Working from the records below, repeat exactly the lines starting at the line that contains "Definition obs_loss (h" and ending at the line that contains "fun th => w", inclusive.

Records from a collection
--------------------------------

(* Consider the contextual bandit problem with finite policy class $\Theta$ and $K$ actions. For any sequence $(x_1,\boldsymbol{c}_1),\ldots,(x_T,\boldsymbol{c}_T)$, EXP4 with its learning rate $\eta'$ tuned appropriately as a function of $T,K,|\Theta|$ and the given range bound $\rho_T$ is $\big(\tfrac12,\mathcal{O}(\sqrt{KT\ln|\Theta|})\big)$-weakly-stable.
   Context: Contextual bandits: on each round $t=1,\ldots,T$ a context $x_t$ is revealed, the learner picks a policy $\theta_t\in\Theta$, each policy being a map $\theta:\mathcal{X}\to[K]$, and the loss is $f_t(\theta,x)=c_{t,\theta(x)}$ for $\boldsymbol{c}_t\in[0,1]^K$; the learner observes only $f_t(\theta_t,x_t)$. Regret w.r.t. $\Theta$: $\sup_{\theta\in\Theta}\mathbb{E}[\sum_t f_t(\theta_t,x_t)-f_t(\theta,x_t)]$. Induced environment: given the environment $\mathcal{E}$ producing the fixed sequence, an environment $\mathcal{E}'$ induced by importance weighting acts on each round $t$: picks an arbitrary $p_t\in[0,1]$ (possibly history dependent), reveals $x_t$, the learner picks $\theta_t$, and with probability $p_t$ the loss function becomes $f'_t=f_t/p_t$, otherwise $f'_t\equiv0$; the learner observes $f'_t(\theta_t,x_t)$. Weak stability: for $\alpha\in(0,1]$ and non-decreasing $\mathcal{R}$, an algorithm that receives a number $\rho_T$ ahead of time is $(\alpha,\mathcal{R})$-weakly-stable with respect to $\mathcal{E}$ if its regret under $\mathcal{E}$ is $\mathcal{R}(T)$ and under every induced $\mathcal{E}'$ with $\rho_T\ge\max_t1/p_t$, $\sup_{\theta\in\Theta}\mathbb{E}[\sum_t f'_t(\theta_t,x_t)-f'_t(\theta,x_t)]\le\rho_T^\alpha\mathcal{R}(T)$. EXP4 with learning rate $\eta'>0$: weights $w_1$ uniform on $\Theta$; on round $t$ sample $\theta_t\sim w_t$, let $q_t(a)=\sum_{\theta:\theta(x_t)=a}w_t(\theta)$, observe loss $\ell_t$, set $\hat c_t(a)=\ell_t\mathbf{1}\{\theta_t(x_t)=a\}/q_t(a)$ for $a\in[K]$, and update $w_{t+1}(\theta)\propto w_t(\theta)\exp(-\eta'\hat c_t(\theta(x_t)))$. *)

From HB Require Import structures.
From mathcomp Require Import all_boot all_order all_algebra.
From mathcomp Require Import all_classical all_reals.
From mathcomp Require Import all_analysis.
Set Implicit Arguments. Unset Strict Implicit. Unset Printing Implicit Defensive.
Import Order.TTheory GRing.Theory Num.Theory.
Local Open Scope ring_scope.

(* Rounds are indexed 0,...,T-1.  A history is the list of
   (chosen policy, coin outcome) pairs of past rounds, MOST RECENT FIRST;
   the round index of the current round is [size h].  The coin outcome
   [true] means "with probability p_t the loss becomes f_t/p_t". *)

Section Exp4.
Variables (R : realType) (X : Type) (Theta : finType) (K : nat).
Variable pol : Theta -> X -> 'I_K.
Variable x : nat -> X.
Variable c : nat -> 'I_K -> R.
Variable p : seq (Theta * bool) -> R.
Variable eta : R.

Definition obs_loss (h : seq (Theta * bool)) (th : Theta) (b : bool) : R :=
  if b then c (size h) (pol th (x (size h))) / p h else 0.

Definition qprob (w : Theta -> R) (s : nat) (a : 'I_K) : R :=
  (\sum_(th : Theta | pol th (x s) == a) w th) / (\sum_(th : Theta) w th).

Fixpoint exp4w (h : seq (Theta * bool)) : Theta -> R :=
  match h with
  | [::] => fun _ => 1
  | (tht, b) :: h' =>
      let w := exp4w h' in
      let s := size h' in
      let a := pol tht (x s) in
      let l := obs_loss h' tht b in
      let chat : 'I_K -> R :=
        fun a' => if a' == a then l / qprob w s a else 0 in
      fun th => w th * expR (- (eta * chat (pol th (x s))))
  end.

Definition exp4dist (h : seq (Theta * bool)) (th : Theta) : R :=
  exp4w h th / \sum_(th' : Theta) exp4w h th'.

(* expected remaining regret against the comparator [ths], over n more
   rounds, starting from history h:
   E[ sum_t f'_t(theta_t,x_t) - f'_t(ths,x_t) ] *)
Fixpoint exp_regret (ths : Theta) (n : nat) (h : seq (Theta * bool)) : R :=
  match n with
  | 0 => 0
  | n'.+1 =>
      let s := size h in
      \sum_(th : Theta) exp4dist h th *
        (p h * ((c s (pol th (x s)) - c s (pol ths (x s))) / p h
                + exp_regret ths n' ((th, true) :: h))
         + (1 - p h) * exp_regret ths n' ((th, false) :: h))
  end.

Definition exp4_regret (T : nat) (ths : Theta) : R := exp_regret ths T [::].

End Exp4.

From HB Require Import structures.
From mathcomp Require Import all_boot all_order all_algebra.
From mathcomp Require Import all_classical all_reals.
From mathcomp Require Import all_analysis.
From mathcomp Require Import ring lra.
Import Order.TTheory GRing.Theory Num.Theory.
Local Open Scope ring_scope.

--------------------------------

- _Completed task_:
Definition obs_loss (h : seq (Theta * bool)) (th : Theta) (b : bool) : R :=
  if b then c (size h) (pol th (x (size h))) / p h else 0.

Definition qprob (w : Theta -> R) (s : nat) (a : 'I_K) : R :=
  (\sum_(th : Theta | pol th (x s) == a) w th) / (\sum_(th : Theta) w th).

Fixpoint exp4w (h : seq (Theta * bool)) : Theta -> R :=
  match h with
  | [::] => fun _ => 1
  | (tht, b) :: h' =>
      let w := exp4w h' in
      let s := size h' in
      let a := pol tht (x s) in
      let l := obs_loss h' tht b in
      let chat : 'I_K -> R :=
        fun a' => if a' == a then l / qprob w s a else 0 in
      fun th => w th * expR (- (eta * chat (pol th (x s))))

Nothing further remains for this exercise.